Lemma selected_term (F J : graph n) : F \subset Kn n ->
  \big[Rmult/1]_e (if e \in J then present e else absent F e)
  = if J \subset Kn n then gnp_weight p J * indb (F \subset J) else 0.
Proof.
move=> FK; case: (boolP (J \subset Kn n)) => JK; last first.
  case/subsetPn: JK => e eJ eK.
  by rewrite (bigD1 e) //= eJ /present ifN // Rmult_0_l.
case: (boolP (F \subset J)) => FJ; last first.
  case/subsetPn: FJ => e eF eJ.
  rewrite (bigD1 e) //= ifN // /absent (subsetP FK) // eF /indb.
  by rewrite Rmult_0_l Rmult_0_r.
rewrite /indb Rmult_1_r /gnp_weight.
transitivity (\big[Rmult/1]_e
  ((if e \in J then p else 1) * (if e \in Kn n :\: J then 1 - p else 1))).
  apply: eq_bigr => e _; rewrite /present /absent in_setD.
  case: (boolP (e \in J)) => eJ /=; first by rewrite (subsetP JK) // Rmult_1_r.
  rewrite Rmult_1_l; case: ifP => // _.
  by rewrite ifN //; apply: contra eJ; apply: (subsetP FJ).
rewrite big_split /= -!big_mkcond /= !prod_const cardsD.
by rewrite (setIidPr JK).
Qed.

Lemma Ex_subset (F : graph n) :
  F \subset Kn n -> Ex (fun G => indb (F \subset G)) = p ^ #|F|.
Proof.
move=> FK.
have factor : \big[Rmult/1]_e (present e + absent F e) = p ^ #|F|.
  rewrite -prod_const [RHS]big_mkcond /=; apply: eq_bigr => e _.
  rewrite /present /absent; case: ifP => eK; case: ifP => eF; try ring.
  by move: eK; rewrite (subsetP FK).
rewrite -factor bigA_distr [LHS]big_mkcond /=; apply: eq_bigr => J _.
by rewrite selected_term.
Qed.

Lemma Ex_edge (e : 'I_n * 'I_n) : e \in Kn n -> Ex (fun G => indb (e \in G)) = p.
Proof.
move=> eK; rewrite (Ex_ext (g := fun G => indb ([set e] \subset G))); last first.
  by move=> G; rewrite sub1set.
by rewrite Ex_subset ?sub1set // cards1 /=; ring.
Qed.

End Expectation.

Section Attachment.
Variables (r n : nat).

Definition crossing (G : graph n) : {set 'I_n * 'I_n} :=
  [set e in G | low r e.1 != low r e.2].
Definition no_low_edge (G : graph n) : bool :=
  [forall e in G, ~~ (low r e.1 && low r e.2)].
Definition single_attachment (G : graph n) : bool :=
  [forall v : 'I_n, ~~ low r v ==> (#|[set u : 'I_n | low r u && adj G u v]| <= 1)%nat].

(* G is K-good iff it lies in one of the events B_0, ..., B_K. *)
Definition good (K : nat) (G : graph n) : bool :=
  [&& (#|crossing G| <= K)%nat, no_low_edge G & single_attachment G].
(* Under the hypotheses and notation of the tortuosity integral representation (let $\Theta_1,G,F,\eta,\rho_f,\phi,\nu,K,K_0,\alpha_\infty,T,a,\sigma$ be as there), let $d\lambda(\Theta):=\Theta\,dG(\Theta)$ on $[0,\Theta_1]$ and define the moments $\mu_k(d\lambda):=\int_0^{\Theta_1}\Theta^k\,d\lambda(\Theta)$, $\mu_k(d\sigma):=\int_0^{\Theta_1}t^k\,d\sigma(t)$ for $k\ge0$. Then (i) $\mu_0(d\lambda)=\frac{FK_0}{\nu}=\frac{\alpha_\infty K_0}{\phi\nu}$; (ii) for every $p\ge1$, $\mu_p(d\lambda)=\frac{\mu_0(d\lambda)}{\alpha_\infty}\sum_{k+j=p-1}\mu_k(d\sigma)\,\mu_j(d\lambda)$ (sum over $k,j\ge0$); (iii) in particular $\mu_0(d\sigma)=\frac{\alpha_\infty\,\mu_1(d\lambda)}{\mu_0(d\lambda)^2}=\frac{\nu^2\phi}{K_0^2F}\mu_1(d\lambda)$, equivalently $\alpha_\infty=\frac{\mu_0(d\sigma)\,\mu_0(d\lambda)^2}{\mu_1(d\lambda)}$.
   Context: Standing hypotheses: $\Theta_1>0$; $G$ nondecreasing, right-continuous, $G=0$ on $(-\infty,0]$, $G=1$ on $[\Theta_1,\infty)$; $(F/\nu)K(\omega)=\int_0^{\Theta_1}\Theta\,dG(\Theta)/(1-i\omega\Theta)$; $K_0=K(0)$; $\alpha_\infty=\phi F$; $T(\omega)=\frac{i\eta\phi}{\omega\rho_f}K(\omega)^{-1}$; $a\ge0$ and the positive measure $\sigma$ on $[0,\Theta_1]$ are those for which $T(\omega)=a\,i/\omega+\int_0^{\Theta_1}d\sigma(t)/(1-i\omega t)$. *)

From Stdlib Require Import Reals Lra List ClassicalEpsilon.
Open Scope R_scope.

Record C := mkC { Re : R ; Im : R }.
Definition RtoC (x : R) : C := mkC x 0.
Definition Ci : C := mkC 0 1.
Definition Cadd (z w : C) : C := mkC (Re z + Re w) (Im z + Im w).
Definition Cmul (z w : C) : C :=
  mkC (Re z * Re w - Im z * Im w) (Re z * Im w + Im z * Re w).
Definition Cinv (z : C) : C :=
  mkC (Re z / (Re z ^ 2 + Im z ^ 2)) (- Im z / (Re z ^ 2 + Im z ^ 2)).
Definition Cdiv (z w : C) : C := Cmul z (Cinv w).

(* A tagged partition of [x0,b] is a list of (tag, next point). *)
Fixpoint rs_sum (f g : R -> R) (x0 : R) (l : list (R * R)) : R :=
  match l with
  | nil => 0
  | (t, x1) :: l' => f t * (g x1 - g x0) + rs_sum f g x1 l'
  end.

Fixpoint tagged_part (x0 : R) (l : list (R * R)) (b d : R) : Prop :=
  match l with
  | nil => x0 = b
  | (t, x1) :: l' => x0 < x1 /\ x0 <= t <= x1 /\ x1 - x0 < d /\ tagged_part x1 l' b d
  end.

Definition is_RS (f g : R -> R) (a b I : R) : Prop :=
  forall eps, 0 < eps -> exists d, 0 < d /\
    forall l, tagged_part a l b d -> Rabs (rs_sum f g a l - I) < eps.

(* the value of the integral (classical choice; 0 if it does not exist) *)
Definition RSint (f g : R -> R) (a b : R) : R :=
  epsilon (inhabits 0) (fun I => is_RS f g a b I).

(* Integral over [0,b] w.r.t. the positive measure whose distribution
   function D vanishes on (-oo,0) (so atoms at 0 are counted):
   realized as the RS integral over [-1,b]. *)
Definition mint (f D : R -> R) (b : R) : R := RSint f D (-1) b.

Definition Cmint (f : R -> C) (D : R -> R) (b : R) : C :=
  mkC (mint (fun t => Re (f t)) D b) (mint (fun t => Im (f t)) D b).

Definition nondecreasing (g : R -> R) : Prop := forall x y, x <= y -> g x <= g y.
Definition right_continuous (g : R -> R) : Prop :=
  forall x eps, 0 < eps -> exists d, 0 < d /\ forall y, x <= y < x + d -> Rabs (g y - g x) < eps.

Definition one_m_iwt (w t : R) : C := mkC 1 (- (w * t)).

Definition Kfun (nu F Th1 : R) (G : R -> R) (w : R) : C :=
  Cmul (RtoC (nu / F)) (Cmint (fun th => Cdiv (RtoC th) (one_m_iwt w th)) G Th1).

Definition Tfun (eta phi rhof nu F Th1 : R) (G : R -> R) (w : R) : C :=
  Cmul (Cmul Ci (RtoC (eta * phi / (w * rhof)))) (Cinv (Kfun nu F Th1 G w)).

(* moments: dlambda = Th dG, so mu_k(dlambda) = int Th^(k+1) dG *)
Definition mu_lambda (Th1 : R) (G : R -> R) (k : nat) : R :=
  mint (fun th => th ^ k * th) G Th1.
Definition mu_sigma (Th1 : R) (S : R -> R) (k : nat) : R :=
  mint (fun t => t ^ k) S Th1.

(* Write L_j(w) = int_0^Th1 th^j dlambda(th) / (1 - i w th) with dlambda = th dG,
   and S_k(w) = int_0^Th1 t^k dsigma(t) / (1 - i w t).  Multiplying the
   hypothesis T(w) = a i/w + S_0(w) by K(w) = (nu/F) L_0(w) gives, for w > 0,
        (i a + w S_0(w)) L_0(w) = i phi F.
   Since 1/(1 - iwt) = 1 + iwt/(1 - iwt), every transform satisfies
   L_j = mu_j(dlambda) + i w L_(j+1) (and likewise for S_k), with remainders
   bounded uniformly in w.  Expanding the relation above in powers of i w and
   letting w -> 0+ term by term yields a mu_0(dlambda) = phi F and, for all q,
        a mu_(q+1)(dlambda) = sum_(k+j=q) mu_k(dsigma) mu_j(dlambda),
   from which (i)-(iii) follow by algebra. *)

From Pilot Require Import Defs.
From Stdlib Require Import Reals Lra Lia List Ranalysis.
From Stdlib Require Import ClassicalEpsilon FunctionalExtensionality.
Open Scope R_scope.

Lemma tagged_part_le l x0 b d : tagged_part x0 l b d -> x0 <= b.
Proof.
  revert x0; induction l as [|[t x1] l IH]; simpl; intros x0 Hl; [lra|].
  destruct Hl as (? & _ & _ & Hl); specialize (IH _ Hl); lra.
Qed.

Lemma tagged_part_mono l x0 b d d' :
  d <= d' -> tagged_part x0 l b d -> tagged_part x0 l b d'.
Proof.
  revert x0; induction l as [|[t x1] l IH]; simpl; intros x0 Hd Hl; auto.
  destruct Hl as (? & ? & ? & Hl); repeat split; try lra; auto.
Qed.

(* The uniform partition of [x, x + n h] into n steps, tagged at the right
   endpoints (right tags make sums against a distribution function vanishing
   on (-oo,0] easy to bound from below). *)
Fixpoint upart (x h : R) (n : nat) : list (R * R) :=
  match n with O => nil | S n' => (x + h, x + h) :: upart (x + h) h n' end.

Lemma upart_tagged n x h d :
  0 < h -> h < d -> tagged_part x (upart x h n) (x + INR n * h) d.
Proof.
  revert x; induction n as [|n IH]; intros x Hh Hd; [simpl; ring|].
  cbn [upart tagged_part]; repeat split; try lra.
  replace (x + INR (S n) * h) with (x + h + INR n * h) by (rewrite S_INR; ring).
  now apply IH.
Qed.

Definition unif (A B : R) (n : nat) : list (R * R) :=
  upart A ((B - A) / INR (S n)) (S n).

Lemma unif_fine A B d : A < B -> 0 < d ->
  exists N, forall n, (N <= n)%nat -> tagged_part A (unif A B n) B d.
Proof.
  intros HAB Hd.
  destruct (archimed_cor1 (d / (B - A))) as [N [HN HN0]];
    [apply Rdiv_lt_0_compat; lra|].
  exists N; intros n Hn.
  assert (HNpos : 0 < INR N) by (apply lt_0_INR; lia).
  assert (HNn : INR N <= INR (S n)) by (apply le_INR; lia).
  assert (Hstep : (B - A) / INR (S n) < d).
  { apply (Rmult_lt_reg_r (/ (B - A))); [apply Rinv_0_lt_compat; lra|].
    replace ((B - A) / INR (S n) * / (B - A)) with (/ INR (S n)) by (field; lra).
    apply (Rle_lt_trans _ (/ INR N)); [apply Rinv_le_contravar; lra|exact HN]. }
  pose proof (upart_tagged (S n) A ((B - A) / INR (S n)) d) as P.
  replace (A + INR (S n) * ((B - A) / INR (S n))) with B in P by
    (field; apply not_0_INR; lia).
  apply P; [apply Rdiv_lt_0_compat; [lra|apply lt_0_INR; lia]|exact Hstep].
Qed.

Lemma is_RS_unique f g A B I J :
  A < B -> is_RS f g A B I -> is_RS f g A B J -> I = J.
Proof.
  intros HAB HI HJ.
  destruct (Req_dec I J) as [E|NE]; auto; exfalso.
  assert (He : 0 < Rabs (I - J) / 2).
  { enough (0 < Rabs (I - J)) by lra. apply Rabs_pos_lt; lra. }
  destruct (HI _ He) as [d1 [Hd1 P1]], (HJ _ He) as [d2 [Hd2 P2]].
  destruct (unif_fine A B (Rmin d1 d2)) as [N HN]; [lra|now apply Rmin_pos|].
  specialize (P1 _ (tagged_part_mono _ _ _ _ _ (Rmin_l d1 d2) (HN N (le_n N)))).
  specialize (P2 _ (tagged_part_mono _ _ _ _ _ (Rmin_r d1 d2) (HN N (le_n N)))).
  revert P1 P2; split_Rabs; lra.
Qed.

Lemma rs_sum_lin f h g al be l x0 :
  rs_sum (fun x => al * f x + be * h x) g x0 l
  = al * rs_sum f g x0 l + be * rs_sum h g x0 l.
Proof.
  revert x0; induction l as [|[t x1] l IH]; simpl; intros x0; [ring|].
  rewrite IH; ring.
Qed.

Lemma is_RS_lin f h g A B I J al be :
  is_RS f g A B I -> is_RS h g A B J ->
  is_RS (fun x => al * f x + be * h x) g A B (al * I + be * J).
Proof.
  intros HI HJ eps He.
  set (K := Rabs al + Rabs be + 1).
  assert (HK : 0 < K) by (unfold K; pose proof (Rabs_pos al); pose proof (Rabs_pos be); lra).
  destruct (HI (eps / K)) as [d1 [Hd1 P1]]; [now apply Rdiv_lt_0_compat|].
  destruct (HJ (eps / K)) as [d2 [Hd2 P2]]; [now apply Rdiv_lt_0_compat|].
  exists (Rmin d1 d2); split; [now apply Rmin_pos|]; intros l Hl.
  specialize (P1 l (tagged_part_mono _ _ _ _ _ (Rmin_l d1 d2) Hl)).
  specialize (P2 l (tagged_part_mono _ _ _ _ _ (Rmin_r d1 d2) Hl)).
  rewrite rs_sum_lin.
  replace (al * rs_sum f g A l + be * rs_sum h g A l - (al * I + be * J))
    with (al * (rs_sum f g A l - I) + be * (rs_sum h g A l - J)) by ring.
  eapply Rle_lt_trans; [apply Rabs_triang|]; rewrite !Rabs_mult.
  assert (Rabs al * Rabs (rs_sum f g A l - I) <= Rabs al * (eps / K))
    by (apply Rmult_le_compat_l; [apply Rabs_pos|lra]).
  assert (Rabs be * Rabs (rs_sum h g A l - J) <= Rabs be * (eps / K))
    by (apply Rmult_le_compat_l; [apply Rabs_pos|lra]).
  assert (Heps : eps = K * (eps / K)) by (field; lra).
  assert (0 < eps / K) by (apply Rdiv_lt_0_compat; lra).
  set (e := eps / K) in *; unfold K in Heps; nra.
Qed.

- - - - -

Above are the entries. Quote exactly the lines from the one bearing "replace (x +" through the one bearing "intros HAB Hd.".

■ Exercise solution:
  replace (x + INR (S n) * h) with (x + h + INR n * h) by (rewrite S_INR; ring).
  now apply IH.
Qed.

Definition unif (A B : R) (n : nat) : list (R * R) :=
  upart A ((B - A) / INR (S n)) (S n).

Lemma unif_fine A B d : A < B -> 0 < d ->
  exists N, forall n, (N <= n)%nat -> tagged_part A (unif A B n) B d.
Proof.
  intros HAB Hd.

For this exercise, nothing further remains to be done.